We can each tell this kind of story of our ordinary life, and we sometimes diminish it as a result. Where is the sacred in the small? Where is the blessing in our everyday? What does blessing even mean?
The Bible Project says that God’s blessing is about flourishing, about God sharing his life-producing ability with others (see their short “Blessings and Curses” film online), so when we name something as blessed we are declaring it as life-giving, reflecting God’s desire for creation’s flourishing. Those small acts of doing simple, necessary tasks, such as preparing food, going to bed, working, caring for others, caring for ourselves…could it be that these are blessed because they are the stuff of life?
This week we are exploring what it might mean for the ordinary to be declared blessed, through the window of Mary’s life as she learned she was to be mother of Jesus, the one also called Emmanuel – God with us.

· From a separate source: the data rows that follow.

Definition ratr_rmorphism : {rmorphism rat -> K} :=
  HB.pack (@ratr K)
    (GRing.isZmodMorphism.Build rat K (@ratr K) ratr_is_zmod_morphism_char0)
    (GRing.isMonoidMorphism.Build rat K (@ratr K) ratr_is_monoid_morphism_char0).

Lemma ratmxM m k l (A : 'M[rat]_(m, k)) (B : 'M[rat]_(k, l)) :
  ratmx (A *m B) = ratmx A *m ratmx B :> 'M[K]_(m, l).
Proof. exact: (map_mxM ratr_rmorphism). Qed.

Lemma ratmx_unitmx k (A : 'M[rat]_k) : (ratmx A : 'M[K]_k) \in unitmx = (A \in unitmx).
Proof. exact: (map_unitmx ratr_rmorphism). Qed.

End RatrCharZero.

Lemma intmxM (R : comPzRingType) m k l (A : 'M[int]_(m, k)) (B : 'M[int]_(k, l)) :
  intmx (A *m B) = intmx A *m intmx B :> 'M[R]_(m, l).
Proof. exact: (map_mxM (intr : int -> R)). Qed.

Lemma det_intmx (R : comPzRingType) k (A : 'M[int]_k) :
  \det (intmx A : 'M[R]_k) = (\det A)%:~R.
Proof. exact: (det_map_mx (intr : int -> R)). Qed.

Lemma intmx_tr (R : pzRingType) m k (A : 'M[int]_(m, k)) :
  intmx A^T = (intmx A)^T :> 'M[R]_(k, m).
Proof. exact/esym/map_trmx. Qed.

Lemma intmx_inj m k : injective (@intmx rat m k).
Proof.
move=> A B /matrixP eqAB; apply/matrixP=> i j.
by apply: (@intr_inj rat); have := eqAB i j; rewrite !mxE.
Qed.

Lemma ratmx_intmx (R : unitRingType) m k (A : 'M[int]_(m, k)) :
  ratmx (intmx A : 'M[rat]_(m, k)) = intmx A :> 'M[R]_(m, k).
Proof. by apply/matrixP=> i j; rewrite !mxE ratr_int. Qed.

Section MatrixOver.
Variables (R : pzSemiRingType) (S : R -> Prop).

Definition mx_over m k (A : 'M[R]_(m, k)) := forall i j, S (A i j).

Lemma mx_over_tr m k (A : 'M[R]_(m, k)) : mx_over A -> mx_over A^T.
Proof. by move=> SA i j; rewrite mxE. Qed.

Hypotheses (S0 : S 0) (SD : forall x y, S x -> S y -> S (x + y))
  (SM : forall x y, S x -> S y -> S (x * y)).

Lemma mx_over_mul m k l (A : 'M[R]_(m, k)) (B : 'M[R]_(k, l)) :
  mx_over A -> mx_over B -> mx_over (A *m B).
Proof.
move=> SA SB i j; rewrite mxE.
by elim/big_ind: _ => // t _; apply: SM.
Qed.

End MatrixOver.

Section Zinvp.
Variable p : nat.

Lemma in_ZinvpP r :
  in_Zinvp p r <-> exists (k : nat) (z : int), r * p%:R ^+ k = z%:~R.
Proof.
have pXk k : ((p ^ k)%N%:~R : rat) = p%:R ^+ k by rewrite -natrX.
split=> [[k /dvdzP [q def_pk]] | [k [z def_z]]].
  by exists k, (numq r * q); rewrite -pXk def_pk !intrM numqE; ring.
have eq_num : numq r * (p ^ k)%N%:Z = z * denq r.
  by apply: (@intr_inj rat); rewrite !intrM numqE pXk -def_z; ring.
have cop : coprime `|denq r| `|numq r| by rewrite coprime_sym coprime_num_den.
by exists k; rewrite dvdzE -(Gauss_dvdr _ cop) -abszM eq_num abszM dvdn_mull.
Qed.

Lemma in_Zinvp_int (z : int) : in_Zinvp p z%:~R.
Proof. by exists 0%N; rewrite denq_int dvd1z. Qed.

Lemma in_ZinvpD r s : in_Zinvp p r -> in_Zinvp p s -> in_Zinvp p (r + s).
Proof.
move=> /in_ZinvpP[k [a def_a]] /in_ZinvpP[l [b def_b]]; apply/in_ZinvpP.
exists (k + l)%N, (a * (p ^ l)%N%:Z + b * (p ^ k)%N%:Z).
by rewrite intrD !intrM -!pmulrn !natrX -def_a -def_b exprD; ring.
Qed.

Imagine you are Mary for a moment. A young girl, engaged to be married to a young carpenter called Joseph, living in “a small, out-of-the-way place in the hill country called Seed Planter Village (Nazareth)” (Luke 1:26). You are living a life similar to so many other young women of that time. You wake and you wash, prepare food, share laughter and tears with friends. You eat, you go to the market, you sweep the floor, you feel the chill of a cold night and search for a warmer blanket. It’s all so ordinary.
Yet in the midst of this profound ordinariness, we learn that Mary (Bitter Tears in this translation) is blessed. She is honoured for her faithfulness and entrusted with the mystery and miracle of bringing Jesus, God with us, into this ordinary world.
Tomorrow we continue to contemplate Mary’s life, and will wonder together at the significance of “Bitter Tears”.
May your ordinary life be freshly illuminated for you today, seen in the kind glow of everyday blessings.